Adjoint-Based Shape Optimization of High-Speed Trains

Kurzfassung

Given the operating speeds of modern high-speed trains, the improvement of aerodynamic performance has, by implication, become one of the most important issues in today's railway engineering. Many of the interesting aerodynamic features can be described by a set of objective functions which can be determined numerically using Computational Fluid Dynamics (CFD). Moreover, CFD can also be used to optimize the shape of a train with respect to one or several objective functions. Consequently, numerical shape optimization can significantly reduce the demand of time consuming and expensive wind tunnel experiments and speed up or even partly automate the design and optimization process. There are different ways to determine the required shape modifications leading to improved aerodynamic performance. In numerical aerodynamics, shape optimization with adjoint methods is based upon sensitivity analysis providing sensitivities on the surface of the investigated object.
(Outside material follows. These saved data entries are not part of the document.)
(* Fix $\mathcal{D}_n$ and $\hat\theta$. Let $r\in\{1,\dots,n-1\}$. Define $h_i^{mVc}=|y_i^p-\hat y^s(x_i,\hat\theta)|\,(g_i^Tg_i)^{1/2}$, $i=1,\dots,n$, let $h^{mVc}_{(1)}\le\dots\le h^{mVc}_{(n)}$ be their order statistics, set $h^{mVc}_{(n+1)}=\infty$, and assume $h^{mVc}_{(n-r)}>0$. Let $k=\min\{s:0\le s\le r,\ (r-s)h^{mVc}_{(n-s)}<\sum_{i=1}^{n-s}h^{mVc}_{(i)}\}$ and $M=\frac{1}{r-k}\sum_{i=1}^{n-k}h^{mVc}_{(i)}$. Then the probabilities $$\pi_i^{mVc}=r\frac{h_i^{mVc}\wedge M}{\sum_{j=1}^n(h_j^{mVc}\wedge M)},\quad i=1,\dots,n,$$ minimize $\mathrm{tr}(\tilde V)$ over all $(\pi_1,\dots,\pi_n)$ with $\sum_{i=1}^n\pi_i=r$ and $0<\pi_i\le1$ (i.e. Poisson subsampling with these probabilities is mVc-optimal).
   Context: Physical data $\mathcal{D}_n=\{(x_i,y_i^p)\}_{i=1}^n$ with $x_i\in\Omega\subset\mathbb{R}^d$; $\hat y^s(x,\theta)$ is a surrogate of a computer model, differentiable in $\theta\in\Theta\subset\mathbb{R}^q$; $\hat\theta=\arg\min_{\theta\in\Theta}\frac1n\sum_{i=1}^n[y_i^p-\hat y^s(x_i,\theta)]^2$. $g_i=\nabla_\theta\hat y^s(x_i,\hat\theta)$ (column vector). For subsampling probabilities $\pi_i$, $\tilde V=\frac{4}{n^2}\sum_{i=1}^n\frac{1-\pi_i}{\pi_i}[y_i^p-\hat y^s(x_i,\hat\theta)]^2g_ig_i^T$. $a\wedge b=\min(a,b)$. *)

From HB Require Import structures.
From mathcomp Require Import all_boot all_order all_algebra.
From mathcomp Require Import all_classical all_reals all_analysis.
Set Implicit Arguments. Unset Strict Implicit. Unset Printing Implicit Defensive.
Import Order.TTheory GRing.Theory Num.Theory.
Import numFieldNormedType.Exports.
Local Open Scope ring_scope.

Section Defs.
Variable R : realType.

Definition grad (q : nat) (f : 'rV[R]_q -> R) (th : 'rV[R]_q) : 'cV[R]_q :=
  \col_(j < q) ('D_(delta_mx 0 j) f th).

Definition resid (d q n : nat) (x : 'I_n -> 'rV[R]_d) (y : 'I_n -> R)
  (ys : 'rV[R]_d -> 'rV[R]_q -> R) (th : 'rV[R]_q) (i : 'I_n) : R :=
  y i - ys (x i) th.

Definition loss (d q n : nat) (x : 'I_n -> 'rV[R]_d) (y : 'I_n -> R)
  (ys : 'rV[R]_d -> 'rV[R]_q -> R) (th : 'rV[R]_q) : R :=
  n%:R^-1 * \sum_(i < n) (resid x y ys th i) ^+ 2.

Definition Vtilde (q n : nat) (e : 'I_n -> R) (g : 'I_n -> 'cV[R]_q)
  (pi : 'I_n -> R) : 'M[R]_q :=
  (4 / (n%:R ^+ 2)) *:
    \sum_(i < n) (((1 - pi i) / pi i) * (e i) ^+ 2) *: (g i *m (g i)^T).

Definition hmVc (q n : nat) (e : 'I_n -> R) (g : 'I_n -> 'cV[R]_q) (i : 'I_n) : R :=
  `|e i| * Num.sqrt (((g i)^T *m g i) 0 0).

(* sorted values: hsorted`_(j-1) is the order statistic h_(j), j = 1..n *)
Definition hsorted (n : nat) (h : 'I_n -> R) : seq R :=
  sort <=%R [seq h i | i <- enum 'I_n].

Definition hord (n : nat) (h : 'I_n -> R) (j : nat) : \bar R :=
  if (1 <= j <= n)%N then ((hsorted h)`_(j.-1))%:E else +oo%E.

Definition hsum (n : nat) (h : 'I_n -> R) (m : nat) : R :=
  \sum_(0 <= i < m) (hsorted h)`_i.

Definition kcond (n r : nat) (h : 'I_n -> R) (s : nat) : bool :=
  (((r - s)%:R)%:E * hord h (n - s) < (hsum h (n - s))%:E)%E.

Definition kmin (n r : nat) (h : 'I_n -> R) : nat :=
  find (kcond r h) (iota 0 r.+1).

Definition Mthr (n r : nat) (h : 'I_n -> R) : R :=
  hsum h (n - kmin r h) / (r - kmin r h)%:R.

Definition pimVc (n r : nat) (h : 'I_n -> R) (i : 'I_n) : R :=
  r%:R * Num.min (h i) (Mthr r h) / \sum_(j < n) Num.min (h j) (Mthr r h).

End Defs.

(* Since tr(g g^T) = g^T g, the trace of Vtilde is (4/n^2) sum_i (1/pi_i - 1) h_i^2,
   so only sum_i h_i^2 / pi_i has to be minimized under sum_i pi_i = r, pi_i <= 1.
   For every M > 0 the scalar function q |-> h^2 / q + M^2 q is minimized on (0, 1]
   at q = (h /\ M) / M; summing these pointwise inequalities, the penalty terms
   M^2 sum_i q_i agree for every admissible q. The threshold M of the theorem is
   exactly the one making these minimizers admissible: the choice of k guarantees
   h_(n-k) < M <= h_(n-k+1), so sum_j (h_j /\ M) = sum_{i <= n-k} h_(i) + k M = r M. *)
From HB Require Import structures.
From mathcomp Require Import all_boot all_order all_algebra.
From mathcomp Require Import all_classical all_reals all_analysis.
From mathcomp Require Import ring lra zify.
Import Order.TTheory GRing.Theory Num.Theory.
Import numFieldNormedType.Exports.
Local Open Scope ring_scope.

Section OrderStatistics.
Context {R : realType} {n : nat} (h : 'I_n -> R).

Lemma size_hsorted : size (hsorted h) = n.
Proof. by rewrite size_sort size_map size_enum_ord. Qed.

Lemma sum_hsorted (F : R -> R) :
  \sum_(i < n) F (h i) = \sum_(0 <= i < n) F (hsorted h)`_i.
Proof.
have -> : \sum_(i < n) F (h i) = \sum_(v <- [seq h i | i <- enum 'I_n]) F v.
  by rewrite big_map big_enum.
by rewrite -(perm_big _ (permEl (perm_sort <=%R _))) (big_nth 0) size_hsorted.
Qed.

Lemma hsorted_le i j : (i <= j < n)%N -> (hsorted h)`_i <= (hsorted h)`_j.
Proof.
case/andP=> le_ij lt_jn.
have sorted_h : sorted <=%R (hsorted h) by apply: sort_sorted; exact: le_total.
apply: (sorted_leq_nth le_trans lexx 0 sorted_h) => //; rewrite inE size_hsorted //.
exact: leq_ltn_trans lt_jn.
Qed.

Lemma hsumS m : hsum h m.+1 = hsum h m + (hsorted h)`_m.
Proof. exact: big_nat_recr. Qed.

Lemma hordE j : (0 < j <= n)%N -> hord h j = ((hsorted h)`_j.-1)%:E.
Proof. by rewrite /hord => ->. Qed.

Lemma kcondE r s : (s < n)%N ->
  kcond r h s = ((r - s)%:R * (hsorted h)`_(n - s).-1 < hsum h (n - s)).
Proof.
by move=> lt_sn; rewrite /kcond hordE ?subn_gt0 ?lt_sn ?leq_subr // -EFinM lte_fin.
Qed.

Hypothesis h_ge0 : forall j, 0 <= h j.

Lemma hsorted_ge0 i : (i < n)%N -> 0 <= (hsorted h)`_i.
Proof.
move=> lt_in; have : (hsorted h)`_i \in hsorted h by rewrite mem_nth ?size_hsorted.
by rewrite mem_sort => /mapP [j _ ->].
Qed.

Lemma hsum_ge0 m : (m <= n)%N -> 0 <= hsum h m.
Proof.
move=> le_mn; rewrite /hsum big_nat_cond; apply: sumr_ge0 => i /andP [/andP [_ lt_im] _].
exact/hsorted_ge0/(leq_trans lt_im).
Qed.

End OrderStatistics.

Section Threshold.
Context {R : realType} {n r : nat} {h : 'I_n -> R}.
Hypotheses (h_ge0 : forall j, 0 <= h j) (r_gt0 : (0 < r)%N) (r_lt_n : (r < n)%N).
Hypothesis hord_gt0 : (0 < hord h (n - r))%E.

Let s := hsorted h.
Let k := kmin r h.
Let M := Mthr r h.

Lemma kcond_predr : kcond r h r.-1.
Proof.
have s_gt0 : 0 < s`_(n - r).-1.
  by move: hord_gt0; rewrite hordE ?subn_gt0 ?r_lt_n ?leq_subr // lte_fin.
rewrite kcondE; last by lia.
have -> : (r - r.-1 = 1)%N by lia.
have -> : (n - r.-1 = (n - r).-1.+2)%N by lia.
rewrite mul1r hsumS ltrDr hsumS.
by apply: ltr_wpDl s_gt0; apply: hsum_ge0 => //; lia.
Qed.

Lemma kmin_le : (k <= r.-1)%N.
Proof.
rewrite leqNgt; apply/negP => /(before_find 0).
by rewrite nth_iota ?add0n ?kcond_predr //; lia.
Qed.

Lemma kcond_kmin : kcond r h k.
Proof.
have has_cond : has (kcond r h) (iota 0 r.+1).
  by apply/hasP; exists r.-1; rewrite ?kcond_predr // mem_iota; lia.
have := nth_find 0 has_cond; rewrite -/(kmin r h) -/k.
by rewrite nth_iota ?add0n //; have := kmin_le; lia.
Qed.

Lemma kcond_predkmin : (0 < k)%N -> ~~ kcond r h k.-1.
Proof.
move=> k_gt0; apply/negP => cond_k1.
have /(before_find 0) : (k.-1 < k)%N by lia.
by rewrite nth_iota ?add0n ?cond_k1 //; have := kmin_le; lia.
Qed.

Let m := (n - k)%N.

Lemma kmin_lt_n : (k < n)%N.
Proof. by have := kmin_le; lia. Qed.

Lemma r_sub_kmin_gt0 : 0 < (r - k)%:R :> R.
Proof. by rewrite ltr0n; have := kmin_le; lia. Qed.

Lemma kcond_kminE : (r - k)%:R * s`_m.-1 < hsum h m.
Proof. by have := kcond_kmin; rewrite kcondE // kmin_lt_n. Qed.

Lemma Mthr_gt0 : 0 < M.
Proof.
rewrite divr_gt0 ?r_sub_kmin_gt0 //; apply: le_lt_trans kcond_kminE.
by rewrite mulr_ge0 ?hsorted_ge0 //; have := kmin_lt_n; lia.
Qed.

Lemma hsorted_lt_Mthr i : (i < m)%N -> s`_i < M.
Proof.
move=> lt_im; have le_im : (i <= m.-1 < n)%N by have := kmin_lt_n; lia.
apply: le_lt_trans (hsorted_le h _ _ le_im) _.
by rewrite ltr_pdivlMr ?r_sub_kmin_gt0 // mulrC kcond_kminE.
Qed.

(* The range is empty unless k > 0, and then the failure of the condition at k - 1 is the bound. *)
Lemma Mthr_le_hsorted i : (m <= i < n)%N -> M <= s`_i.
Proof.
move=> range_i; have k_gt0 : (0 < k)%N by case/andP: range_i; lia.
have k_lt_n := kmin_lt_n.
apply: le_trans (hsorted_le h _ _ range_i).
have := kcond_predkmin k_gt0; rewrite kcondE; last lia.
have -> : (n - k.-1 = m.+1)%N by lia.
have -> : (r - k.-1 = (r - k).+1)%N by have := kmin_le; lia.
rewrite hsumS -leNgt -addn1 natrD mulrDl mul1r lerD2r.
by rewrite ler_pdivrMr ?r_sub_kmin_gt0 // mulrC.
Qed.

Lemma sum_min_Mthr : \sum_(j < n) Num.min (h j) M = r%:R * M.
Proof.
rewrite (sum_hsorted h (Num.min ^~ M)) (@big_cat_nat _ _ _ m) ?leq_subr //=.
rewrite (eq_big_nat _ _ (F2 := fun i => s`_i)); last first.
  by move=> i /andP [_ lt_im]; rewrite min_l // ltW // hsorted_lt_Mthr.
rewrite (eq_big_nat _ _ (F2 := fun => M)); last first.
  by move=> i range_i; rewrite min_r // Mthr_le_hsorted.
have hsum_m : hsum h m = M * (r - k)%:R by rewrite divfK // gt_eqF // r_sub_kmin_gt0.
rewrite sumr_const_nat -/(hsum h m) hsum_m -[M *+ _]mulr_natr -mulrDr mulrC -natrD.
by congr (_%:R * _); have := kmin_le; lia.
Qed.

Lemma pimVcE i : pimVc r h i = Num.min (h i) M / M.
Proof.
rewrite /pimVc sum_min_Mthr -/M; field.
by rewrite gt_eqF ?Mthr_gt0 // pnatr_eq0 -lt0n r_gt0.
Qed.

Lemma sum_pimVc : \sum_(i < n) pimVc r h i = r%:R.
Proof.
under eq_bigr do rewrite pimVcE.
by rewrite -mulr_suml sum_min_Mthr mulfK // gt_eqF // Mthr_gt0.
Qed.

Lemma pimVc_ge0_le1 i : 0 <= pimVc r h i <= 1.
Proof.
have M_gt0 := Mthr_gt0; have M_ge0 := ltW M_gt0.
rewrite pimVcE divr_ge0 ?le_min ?h_ge0 //=.
by rewrite ler_pdivrMr // mul1r ge_min lexx orbT.
Qed.

End Threshold.

Section PenalizedCost.
Context {R : realFieldType}.

Definition penalized_cost (H M q : R) := (1 - q) / q * H ^+ 2 + M ^+ 2 * q.

(* For H = 0 the minimizer is q = 0, where 0 / 0 = 0 makes the cost 0. *)
Lemma penalized_cost_min (H M q : R) : 0 <= H -> 0 < M -> 0 < q <= 1 ->
  penalized_cost H M (Num.min H M / M) <= penalized_cost H M q.
Proof.
move=> H_ge0 M_gt0 /andP [q_gt0 q_le1]; rewrite /penalized_cost.
have q_neq0 : q != 0 by rewrite gt_eqF.
have M_neq0 : M != 0 by rewrite gt_eqF.
have invq_ge0 : 0 <= q^-1 by rewrite invr_ge0 ltW.
have -> : (1 - q) / q = q^-1 - 1 by field.
have [le_MH | lt_HM] := leP M H.
  rewrite divff // subrr !mul0r add0r mulr1.
  have : (q^-1 - 1) * M ^+ 2 <= (q^-1 - 1) * H ^+ 2.
    rewrite ler_wpM2l ?subr_ge0 ?invf_ge1 // lerXn2r // nnegrE.
    exact: ltW.
  have := mulr_ge0 (mulr_ge0 invq_ge0 (sqr_ge0 (1 - q))) (sqr_ge0 M).
  have -> : q^-1 * (1 - q) ^+ 2 * M ^+ 2 = (q^-1 - 1) * M ^+ 2 + M ^+ 2 * q - M ^+ 2.
    by field.
  lra.
have [-> | H_neq0] := eqVneq H 0.
  by rewrite mul0r expr0n /= !mulr0 !add0r mulr_ge0 ?sqr_ge0 ?ltW.
have -> : (1 - H / M) / (H / M) * H ^+ 2 + M ^+ 2 * (H / M) = 2 * M * H - H ^+ 2.
  by field; rewrite H_neq0 M_neq0.
have := mulr_ge0 invq_ge0 (sqr_ge0 (H - M * q)).
have -> : q^-1 * (H - M * q) ^+ 2 = q^-1 * H ^+ 2 - 2 * M * H + M ^+ 2 * q by field.
lra.
Qed.

End PenalizedCost.

Lemma mxtrace_Vtilde (R : realType) (q n : nat) (e : 'I_n -> R)
    (g : 'I_n -> 'cV[R]_q) (pi : 'I_n -> R) :
  \tr (Vtilde e g pi) = 4 / n%:R ^+ 2 * \sum_(i < n) (1 - pi i) / pi i * hmVc e g i ^+ 2.
Proof.
rewrite /Vtilde mxtraceZ raddf_sum; congr (_ * _); apply: eq_bigr => i _.
rewrite /= mxtraceZ mxtrace_mulC -(mulrA ((1 - pi i) / pi i)) /hmVc exprMn real_normK ?num_real //.
have gTg_ge0 : 0 <= ((g i)^T *m g i) 0 0.
  by rewrite mxE; apply: sumr_ge0 => j _; rewrite mxE -expr2 sqr_ge0.
by rewrite sqr_sqrtr // /mxtrace big_ord1.
Qed.

Local Open Scope classical_set_scope.

Theorem theorem3 (R : realType) (d q n : nat)
  (Omega : set 'rV[R]_d) (Theta : set 'rV[R]_q)
  (x : 'I_n -> 'rV[R]_d) (y : 'I_n -> R)
  (ys : 'rV[R]_d -> 'rV[R]_q -> R) (thetahat : 'rV[R]_q) (r : nat) :
  (forall i, Omega (x i)) ->
  (forall i, differentiable (ys (x i)) thetahat) ->
  Theta thetahat ->
  (forall th, Theta th -> loss x y ys thetahat <= loss x y ys th) ->
  (1 <= r <= n.-1)%N ->
  let e := resid x y ys thetahat in
  let g := fun i => grad (ys (x i)) thetahat in
  let h := hmVc e g in
  (0%E < hord h (n - r))%E ->
  let pi0 := pimVc r h in
  [/\ \sum_(i < n) pi0 i = r%:R,
      (forall i, 0 <= pi0 i <= 1) &
      forall pi : 'I_n -> R,
        \sum_(i < n) pi i = r%:R -> (forall i, 0 < pi i <= 1) ->
        \tr (Vtilde e g pi0) <= \tr (Vtilde e g pi)].
Proof.
move=> _ _ _ _ /andP [r_gt0 r_le_n1] e g h hord_gt0 pi0.
have h_ge0 j : 0 <= h j by rewrite mulr_ge0 ?sqrtr_ge0.
have r_lt_n : (r < n)%N by lia.
have sum_pi0 := sum_pimVc h_ge0 r_gt0 r_lt_n hord_gt0.
split=> [//||pi sum_pi pi_range]; first exact: pimVc_ge0_le1.
rewrite !mxtrace_Vtilde ler_wpM2l ?divr_ge0 ?exprn_ge0 //.
set M := Mthr r h.
have cost_le : \sum_(i < n) penalized_cost (h i) M (pi0 i) <=
               \sum_(i < n) penalized_cost (h i) M (pi i).
  apply: ler_sum => i _; rewrite /pi0 pimVcE //.
  exact: penalized_cost_min (Mthr_gt0 h_ge0 r_gt0 r_lt_n hord_gt0) (pi_range i).
by move: cost_le; rewrite !big_split /= -!mulr_sumr sum_pi0 sum_pi lerD2r.
Qed.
Sensitivities themselves are gradients, calculated from the flow field predicted by solving the Reynolds-averaged Navier-Stokes (RANS) equations and the corresponding adjoint equations. For each element of a discretized surface, the sensitivities indicate the influence of a surface-normal displacement of the cell center on the considered objective function. In cases aiming for the minimization (or maximization) of certain aerodynamic characteristics (e.g. drag or lift), the sensitivity distribution almost directly provides the necessary changes. Properly smoothed and scaled, in conjunction with the surface normal vectors of the surface cells, they can be used to identify the deformation vectors.